くらまし屋は、芝居の一座を救う”赤也”を見捨てる?ー「立つ鳥の舞 くらまし屋稼業7」

「依頼は必ず面通しの上、嘘は一切申さぬこと」「決して他言せぬこと」「捨てた一掃を取り戻そうとせぬこと」といった七箇条の約定を守りさえすれば、現在の暮らしから、だれでも「くらます」が、この約上を破った時は、この夜から「くらます」ことを生業とする「くらまし屋」シリーズの第7弾が本書『今村翔吾「立つ鳥の舞 くらまし屋稼業7」(時代小説文庫)』です。

前巻では、悪事を重ねてきた旗本の若者たちを「くらます」ことを迫られ、商売とはいえ内心、忸怩たるものがあった平九郎たち「くらまし屋」のメンバーたちだったのですが、今巻では5年前に亡くなった女形の名優を、あの世からくらます仕事がはいり、これに伴って、赤也の過去の秘密が明らかになっていきます。

あらすじと注目ポイント

構成は

序章
第一章 濱村屋
第二章 芝居合戦
第三章 品川南本宿にて
第四章 お節介焼き
第五章 噂の濁流
第六章 おんなの衿持
第七章 菊之丞
終章

となっていて、冒頭では、米の先物取引で大損をした芝居の座元・濱村屋に属する役者の若きホープ「二代目吉次」から五カ月前に急死した女形の名優「瀬川菊之丞」をあの世からくらまして連れてきてくれ、という依頼をうけます。

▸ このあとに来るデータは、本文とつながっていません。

(* Moves the first tensor factor of the row index of [S] to the column index. *)
Definition ptrmx a b c (S : 'M[C]_(a * c, b)) : 'M[C]_(c, a * b) :=
  \matrix_(i, j) S (mxtens_index ((mxtens_unindex j).1, i)) (mxtens_unindex j).2.

Lemma ptrmxE a b c (S : 'M[C]_(a * c, b)) i x y :
  ptrmx S i (mxtens_index (x, y)) = S (mxtens_index (x, i)) y.
Proof. by rewrite mxE mxtens_indexK. Qed.

Lemma ptrmxB a b c (S T : 'M[C]_(a * c, b)) k :
  ptrmx (S - k *: T) = ptrmx S - k *: ptrmx T.
Proof.
apply/matrixP => i j; case: (mxtens_indexP j) => x y.
by rewrite !mxE !mxtens_indexK.
Qed.

Lemma ptrmx_eq0 a b c (S : 'M[C]_(a * c, b)) : ptrmx S = 0 -> S = 0.
Proof.
move=> S'0; apply/matrixP => i j; case: (mxtens_indexP i) => x y.
by rewrite -ptrmxE S'0 !mxE.
Qed.

Definition reciprocal a b c (Q : 'M[C]_a) (S : 'M[C]_(a * c, b)) :
  'M[C]_(c, a * b) := ptrmx S *m tensmx Q 1%:M.

Lemma reciprocalB a b c (Q : 'M[C]_a) (S T : 'M[C]_(a * c, b)) k :
  reciprocal Q (S - k *: T) = reciprocal Q S - k *: reciprocal Q T.
Proof. by rewrite /reciprocal ptrmxB mulmxBl scalemxAl. Qed.

Lemma reciprocal_eq0 a b c (Q : 'M[C]_a) (S : 'M[C]_(a * c, b)) :
  Q \in unitmx -> reciprocal Q S = 0 -> S = 0.
Proof.
move=> Q_unit S'0; apply: ptrmx_eq0.
have QQ1 : tensmx Q (1%:M : 'M[C]_b) *m tensmx (invmx Q) 1%:M = 1%:M.
  by rewrite tensmx_mul mulmxV // mulmx1 tensmx1.
by rewrite -[ptrmx S]mulmx1 -QQ1 mulmxA -/(reciprocal Q S) S'0 mul0mx.
Qed.

End PartialTranspose.

Section UnitaryRepresentations.
Variable R : realType.
Local Notation C := (R[i]).
Variables (G : topologicalType) (mul : G -> G -> G) (inv : G -> G) (e : G).
Hypothesis G_group : is_compact_group mul inv e.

濱村屋は菊之丞が急死してから一挙に経営が悪くなっているのですが、これを一気に逆転するために、菊之丞が得意とした「娘道成寺」の芝居をかけることとなったのですが、同じようにこの芝居で評判をとっている天王寺屋・中村富十郎のパトロンから横槍が入り、この芝居のこれからの興行を賭けて、「芝居合戦」を行うこととなったのが発端です。

この背後には濱村屋のパトロンである「大丸」の大阪における取引先を奪おうとするライバルで「天王寺屋」のパトロンである越後屋の思惑が絡んでいます。さらに、ここに越後屋が献金をしている出羽庄内藩主・酒井老中も関係してきていて、政財界巻き込んでの「芝居の勝負」となってきています。

しかし、濱村屋の二代目吉次の相手となる、中村富十郎は今が一番脂の乗り切った名優で、とても吉次が敵いそうもない相手。このため、吉次が無理を承知で「くらまし屋」に依頼してきたという設定です。

もちろん、死者をあの世から「くらます」なぞできるはずもなく、平九郎は即座に依頼を断るのですが、実は、くらまし屋のメンバーの一人「赤也」は、以前は役者をしていて、この濱村屋の「二代目吉次」として芽が出始めたころに、実の父親である「瀬川菊之丞」を嫌って、自らを「くらまし」でしまったという過去をもっています。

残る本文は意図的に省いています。